— Не могу здесь больше оставаться, газда Иван. Верите, не могу. Подамся к ним. Торчать в этом болоте… Нет, это выше моих сил. Кабы не эта песня… Боюсь рехнуться до утра…

— Мы же как-то терпим, Михайло.

— Пойдемте вместе, газда.

— Сдаваться в плен? — опасливо сказал Иван. — А дома как? Жена, дети, Михайло? Да комендант Скалка сгноит Катерину в тюрьме.

— Что ж, пойду один. Я уверен, это она зовет меня.

«Обезумел, право, обезумел мужик», — подумал Иван, следя, как Щерба взобрался на бруствер, потом бесшумно скользнул вниз и исчез в кромешной тьме.

— Обезумел, совсем обезумел… — тревожно зашептал Иван.

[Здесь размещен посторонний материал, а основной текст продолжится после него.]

(* Let $\mathbf{A}$ be a (left and right) Noetherian domain. Then the following three conditions are equivalent: (i) every left ideal and every right ideal of $\mathbf{A}$ is stably free; (ii) every finitely generated torsion-free (left or right) $\mathbf{A}$-module is stably free; (iii) every finitely generated left ideal and every finitely generated right ideal of $\mathbf{A}$ is stably free.
   Context: Rings are associative with $1$, not necessarily commutative. A domain is a nonzero ring without zero divisors. A module $P$ over $\mathbf{A}$ is stably free if there exist integers $q\ge 0$, $r\ge 0$ with $P\oplus \mathbf{A}^{q}\cong \mathbf{A}^{q+r}$. A module $M$ over a domain is torsion-free if $am=0$ with $a\neq 0$ implies $m=0$. A Noetherian domain satisfying these equivalent conditions is called a stably free ideal domain. *)

From HB Require Import structures.
From mathcomp Require Import all_boot all_order all_algebra.
Set Implicit Arguments. Unset Strict Implicit. Unset Printing Implicit Defensive.
Import GRing.Theory.
Local Open Scope ring_scope.

Definition is_domain (R : nzRingType) : Prop :=
  forall a b : R, a * b = 0 -> a = 0 \/ b = 0.

Definition is_submod (R : nzRingType) (M : lmodType R) (S : {pred M}) : Prop :=
  0 \in S /\ (forall x y, x \in S -> y \in S -> x + y \in S) /\
  (forall (a : R) x, x \in S -> a *: x \in S).

Definition fg_sub (R : nzRingType) (M : lmodType R) (S : {pred M}) : Prop :=
  exists s : seq M, forall x : M,
    x \in S <-> exists c : 'I_(size s) -> R, x = \sum_(i < size s) c i *: s`_i.

Definition fg_module (R : nzRingType) (M : lmodType R) : Prop :=
  fg_sub (M := M) predT.

Definition torsion_free (R : nzRingType) (M : lmodType R) : Prop :=
  forall (a : R) (m : M), a != 0 -> a *: m = 0 -> m = 0.

(* The submodule S of M is stably free: there are q, r and an R-linear
   isomorphism S (+) R^q ~= R^(q+r), given by (x, v) |-> phi x + psi v
   with phi : S -> R^(q+r) and psi : R^q -> R^(q+r) R-linear. *)
Definition stably_free_sub (R : nzRingType) (M : lmodType R) (S : {pred M}) : Prop :=
  exists (q r : nat) (phi : M -> 'rV[R]_(q + r)) (psi : 'rV[R]_q -> 'rV[R]_(q + r)),
    (forall (a : R) x y, x \in S -> y \in S -> phi (a *: x + y) = a *: phi x + phi y) /\
    (forall (a : R) u v, psi (a *: u + v) = a *: psi u + psi v) /\
    (forall x x' v v', x \in S -> x' \in S ->
        phi x + psi v = phi x' + psi v' -> x = x' /\ v = v') /\
    (forall w, exists x v, x \in S /\ phi x + psi v = w).

Definition stably_free (R : nzRingType) (M : lmodType R) : Prop :=
  stably_free_sub (M := M) predT.

(* Left ideals of R = submodules of the regular left module R^o;
   right ideals of R = left ideals of the converse ring R^c;
   right R-modules = left R^c-modules. *)
Definition is_left_ideal (R : nzRingType) (I : {pred R^o}) : Prop := is_submod I.
Definition is_right_ideal (R : nzRingType) (I : {pred (R^c)^o}) : Prop := is_submod I.
(* Let $m\in\{1,2\}$ and $\gamma\in(1,2]$. Then $z_m<z_g$ and for every $z\in[z_m,z_g]$ one has $C(V_1;\gamma,z,P_6)<C_1$. Consequently any $z\in[z_m,z_M]$ with $C(V_1;\gamma,z,P_6)=C_1$ lies in $(z_g,z_M]$.
   Context: Fix $m\in\{1,2\}$. For $z>0$ put $\lambda=1+m\gamma z$, $a_1=1+\frac{m(\gamma-1)}{2}$, $a_2=\frac{m(\gamma-1)+mz\gamma(\gamma-3)}{2}$, $a_3=\frac{mz\gamma(\gamma-1)}{2}$, $G(V,C;\gamma,z)=C^2[(m+1)V+2mz]-V(1+V)(\lambda+V)$, $F(V,C;\gamma,z)=C\{C^2[1+\frac{mz}{1+V}]-a_1(1+V)^2+a_2(1+V)-a_3\}$; ODE $\frac{dC}{dV}=\frac FG$. $V_1=-\frac2{\gamma+1}$, $C_1=\frac{\sqrt{2\gamma(\gamma-1)}}{\gamma+1}$. $z_M=(\sqrt\gamma+\sqrt2)^{-2}$, $z_m=\frac{\gamma-1}{(2\gamma-1)(\gamma+1)}$; $w(z)=\sqrt{1-2(\gamma+2)z+(\gamma-2)^2z^2}$, $V_6=\frac{-1+(\gamma-2)z-w}{2}$, $C_6=1+V_6$, $P_6=(V_6,C_6)$. $z_g$: the value of $z$ with $V_6(z)=\frac{-2(1+m\gamma z)}{\gamma+1+m(\gamma-1)}$; explicitly $z_g=\frac{\sqrt{\gamma^2+(\gamma-1)^2}-\gamma}{\gamma(\gamma-1)}$ ($m=1$), $z_g=\frac{\sqrt{(2\gamma^2-\gamma+1)^2+2\gamma(\gamma-1)[4\gamma(\gamma-1)+8/3]}-(2\gamma^2-\gamma+1)}{\gamma[4\gamma(\gamma-1)+8/3]}$ ($m=2$). For $z\in[z_m,z_M]$, $C(\cdot;\gamma,z,P_6):[V_1,V_6]\to(0,\infty)$ is the real-analytic solution of the ODE near $V_6$ with $C(V_6)=C_6$ and $C'(V_6)$ equal to the unique negative root of $-G_Cc^2+(F_C-G_V)c+F_V=0$ (partials at $P_6$), continued to $[V_1,V_6]$. *)

From Stdlib Require Import Reals Lra.
From Coquelicot Require Import Coquelicot.
Open Scope R_scope.

Section Defs.
Variables (m : nat) (gam z : R).
Let mr := INR m.

Definition lam : R := 1 + mr * gam * z.
Definition a1c : R := 1 + mr * (gam - 1) / 2.
Definition a2c : R := (mr * (gam - 1) + mr * z * gam * (gam - 3)) / 2.
Definition a3c : R := mr * z * gam * (gam - 1) / 2.

Definition Gf (V C : R) : R :=
  C ^ 2 * ((mr + 1) * V + 2 * mr * z) - V * (1 + V) * (lam + V).
Definition Ff (V C : R) : R :=
  C * (C ^ 2 * (1 + mr * z / (1 + V)) - a1c * (1 + V) ^ 2 + a2c * (1 + V) - a3c).

Definition wz : R := sqrt (1 - 2 * (gam + 2) * z + (gam - 2) ^ 2 * z ^ 2).
Definition V6 : R := (-1 + (gam - 2) * z - wz) / 2.
Definition C6 : R := 1 + V6.

Definition GV6 : R := Derive (fun V => Gf V C6) V6.
Definition GC6 : R := Derive (fun C => Gf V6 C) C6.
Definition FV6 : R := Derive (fun V => Ff V C6) V6.
Definition FC6 : R := Derive (fun C => Ff V6 C) C6.

Definition neg_slope6 (c : R) : Prop :=
  c < 0 /\ - GC6 * c ^ 2 + (FC6 - GV6) * c + FV6 = 0.

End Defs.

Definition V1g (gam : R) : R := - 2 / (gam + 1).
Definition C1g (gam : R) : R := sqrt (2 * gam * (gam - 1)) / (gam + 1).

Definition zM (gam : R) : R := / (sqrt gam + sqrt 2) ^ 2.
Definition zmin (gam : R) : R := (gam - 1) / ((2 * gam - 1) * (gam + 1)).

Definition zg (m : nat) (gam : R) : R :=
  if Nat.eqb m 1 then
    (sqrt (gam ^ 2 + (gam - 1) ^ 2) - gam) / (gam * (gam - 1))
  else
    (sqrt ((2 * gam ^ 2 - gam + 1) ^ 2
           + 2 * gam * (gam - 1) * (4 * gam * (gam - 1) + 8 / 3))
     - (2 * gam ^ 2 - gam + 1))
    / (gam * (4 * gam * (gam - 1) + 8 / 3)).

(* f is the solution C(.;gam,z,P6) on [V1,V6]: positive on [V1,V6],
   real-analytic near V6 with f(V6) = C6 and f'(V6) the negative root,
   solving dC/dV = F/G on (V1,V6), and continuous at V1 from the right. *)
Definition is_C_P6 (m : nat) (gam z : R) (f : R -> R) : Prop :=
  (forall V, V1g gam <= V <= V6 gam z -> 0 < f V) /\
  (exists (r : R) (a : nat -> R), 0 < r /\
     (forall V, Rabs (V - V6 gam z) < r -> is_pseries a (V - V6 gam z) (f V))) /\
  f (V6 gam z) = C6 gam z /\
  (exists c, neg_slope6 m gam z c /\ is_derive f (V6 gam z) c) /\
  (forall V, V1g gam < V < V6 gam z ->
     Gf m gam z V (f V) <> 0 /\
     is_derive f V (Ff m gam z V (f V) / Gf m gam z V (f V))) /\
  filterlim f (at_right (V1g gam)) (locally (f (V1g gam))).

From Stdlib Require Import Reals Lra Psatz ZArith List.
From Coquelicot Require Import Coquelicot.
Import ListNotations.
Open Scope R_scope.
Set Bullet Behavior "Strict Subproofs".

(* Let L be the line C = 1 + 2 V6 - V of slope -1 through P6 = (V6, 1 + V6).  The
   characteristic quadratic at P6 has roots of opposite signs and is positive at -1, so the
   trajectory leaves P6 with slope c in (-1, 0) and lies below L just to the left of V6.
   On L, for V1 < V < V6, both G and F + G are negative, so the field slope F/G exceeds -1
   and the trajectory cannot reach L again as V decreases.  Hence C(V1) <= 1 + 2 V6 - V1,
   which is below C1 as soon as V6 < -1/gamma, i.e. for z < zc = (gamma-1)/(gamma(3 gamma-2));
   and z_g < zc.  Every sign condition is a polynomial inequality in coordinates
   (t, w, v) in (0,1] x (0,1] x (0,1), certified by the nonnegative Bernstein coefficients of
   its numerator. *)

(** * A barrier lemma *)

Lemma derivable_pt_lim_neg_locally (h : R -> R) x d :
  derivable_pt_lim h x d -> d < 0 ->
  exists eps, 0 < eps /\ (forall y, x < y < x + eps -> h y < h x) /\
                        (forall y, x - eps < y < x -> h x < h y).
Proof.
  intros Hd Hneg.
  destruct (Hd (- d / 2)) as [del Hdel]; [lra|].
  assert (Hq : forall y, y <> x -> Rabs (y - x) < del -> (h y - h x) * (y - x) < 0).
  { intros y Hyx Hy.
    assert (Hyx' : y - x <> 0) by lra.
    specialize (Hdel (y - x) Hyx' Hy). replace (x + (y - x)) with y in Hdel by ring.
    apply Rabs_def2 in Hdel.
    replace ((h y - h x) * (y - x)) with ((h y - h x) / (y - x) * (y - x) ^ 2) by (field; lra).
    apply Rmult_neg_pos; [lra | apply pow2_gt_0; lra]. }
  exists del. split; [apply cond_pos|]. split; intros y Hy.
  - assert (Hy' := Hq y ltac:(lra) ltac:(rewrite Rabs_right; lra)). nra.
  - assert (Hy' := Hq y ltac:(lra) ltac:(rewrite Rabs_left; lra)). nra.
Qed.

Lemma derivable_pt_lim_eps_continuity (h : R -> R) x d : derivable_pt_lim h x d ->
  forall e, 0 < e -> exists del, 0 < del /\
    forall y, Rabs (y - x) < del -> Rabs (h y - h x) < e.
Proof.
  intros Hd e He.
  destruct (derivable_continuous_pt h x (exist _ _ Hd) e He) as [del [Hdel Hc]].
  exists del. split; [lra|]. intros y Hy.
  destruct (Req_dec y x) as [->|Hyx]; [rewrite Rminus_diag, Rabs_R0; lra|].
  apply (Hc y). split; [split; [exact I | congruence] | exact Hy].
Qed.

Lemma pos_left_of_down_crossings (h dh : R -> R) a b d :
  a < b -> h b = 0 -> derivable_pt_lim h b d -> d < 0 ->
  (forall s, a < s < b -> derivable_pt_lim h s (dh s)) ->
  (forall s, a < s < b -> h s = 0 -> dh s < 0) ->
  forall x, a < x < b -> 0 < h x.
Proof.
  intros Hab Hhb Hdb Hdbneg Hd Hcross x0 Hx0.
  destruct (Rlt_or_le 0 (h x0)) as [|Hx0neg]; [assumption | exfalso].
  destruct (derivable_pt_lim_neg_locally h b _ Hdb Hdbneg) as [e0 [He0 [_ Hleft]]].
  set (S := fun x => x0 <= x < b /\ h x <= 0).
  assert (HSb : forall x, S x -> x <= b - e0).
  { intros x [Hx Hhx]. destruct (Rle_or_lt x (b - e0)) as [|Hlt]; [assumption|].
    specialize (Hleft x ltac:(lra)). lra. }
  destruct (completeness S) as [s [Hub Hlub]].
  { exists (b - e0). intros x Hx. now apply HSb. }
  { exists x0. split; lra. }
  assert (Hs : x0 <= s <= b - e0).
  { split; [apply Hub; split; lra | apply Hlub; intros x Hx; now apply HSb]. }
  assert (Hcont := derivable_pt_lim_eps_continuity h s _ (Hd s ltac:(lra))).
  assert (Hright : ~ exists y, s < y < b /\ h y <= 0).
  { intros [y [Hy Hhy]]. assert (y <= s) by (apply Hub; split; lra). lra. }
  (* Each sign of [h s] contradicts [s] being the supremum of [S]. *)
  destruct (Rtotal_order (h s) 0) as [Hneg|[Hzero|Hpos]].
  - destruct (Hcont (- h s) ltac:(lra)) as [del [Hdel Hc]].
    apply Hright. exists (s + Rmin del (b - s) / 2).
    pose proof (Rmin_l del (b - s)). pose proof (Rmin_r del (b - s)).
    assert (0 < Rmin del (b - s)) by (apply Rmin_pos; lra).
    split; [lra|].
    specialize (Hc (s + Rmin del (b - s) / 2) ltac:(rewrite Rabs_right; lra)).
    apply Rabs_def2 in Hc. lra.
  - destruct (derivable_pt_lim_neg_locally h s _ (Hd s ltac:(lra))
                (Hcross s ltac:(lra) Hzero)) as [e1 [He1 [Hr _]]].
    apply Hright. exists (s + Rmin e1 (b - s) / 2).
    pose proof (Rmin_l e1 (b - s)). pose proof (Rmin_r e1 (b - s)).
    assert (0 < Rmin e1 (b - s)) by (apply Rmin_pos; lra).
    split; [lra|]. specialize (Hr (s + Rmin e1 (b - s) / 2) ltac:(lra)). lra.
  - destruct (Hcont (h s) Hpos) as [del [Hdel Hc]].
    assert (Hx0s : x0 < s) by (destruct (Req_dec x0 s) as [E|]; [subst; lra | lra]).
    assert (Hbound : is_upper_bound S (Rmax x0 (s - del / 2))).
    { intros x [Hx Hhx]. apply Rnot_lt_le. intros Hlt.
      assert (x <= s) by (apply Hub; split; lra).
      pose proof (Rmax_l x0 (s - del / 2)). pose proof (Rmax_r x0 (s - del / 2)).
      specialize (Hc x ltac:(apply Rabs_def1; lra)). apply Rabs_def2 in Hc. lra. }
    specialize (Hlub _ Hbound). unfold Rmax in Hlub.
    destruct (Rle_dec x0 (s - del / 2)); lra.
Qed.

Щерба ничуть не обезумел, но его тягостное душевное состояние, в котором он пребывал, да еще с точки зрения столь рассудительного человека, как Иван Юркович, смело можно было бы назвать сумасшествием. Полгода окопной жизни не легко дались Щербе. Сперва отступление за Днестр и Прут и одновременно бурное продвижение русской армии Брусилова, потом столь же стремительное наступление на русских, откатившихся на старые позиции, осенние дожди, дни и ночи напролет проведенные в смрадных окопах, а с приближением зимы — нестерпимые морозы, шальные, колючие ветры, продувающие насквозь обессиленное голодухой тело, и вдобавок неусыпная слежка командира и его помощников, — все это истощило нервы Михайлы Щербы до крайности. Утратив всякие связи со Львовом, центром подполья, Щерба остался без политической информации, без литературы и листовок. Энергичная, бесстрашная деятельность одетого в солдатский мундир революционера поневоле прекратилась, и Щербе оставалось лишь одно: жить жизнью дрессированной скотины, которая умеет убивать, стоять по щиколотку в заболоченных окопах, хлебать морковный кофе, бить вшей в часы затишья или висеть на шпанглях за непослушание. Нет, дальше жить было невмоготу. Чтоб окончательно не сойти с ума, не пустить себе пулю в лоб, он должен был найти выход из ужасающего положения. Песня неожиданно подсказала ему выход. Она долетела до него с той стороны фронта в предвечерние сумерки. Ветер донес знакомый мотив. Вспомнилась Ванда. Она любила, когда взгрустнется, затянуть эту песню:

Зозуленько сива, де будешь кувала,
Кой-ес сой на бучку вершечок зламала?
Буду я кувала на зелені сосні,
Закля мі вершочек на бучку виросте.

Вместе с песней подкралась и всецело завладела его сознанием заманчивая мысль: «Бежать! Бежать из этого болота! От вшей, от капралов и вахмистров, от смерти».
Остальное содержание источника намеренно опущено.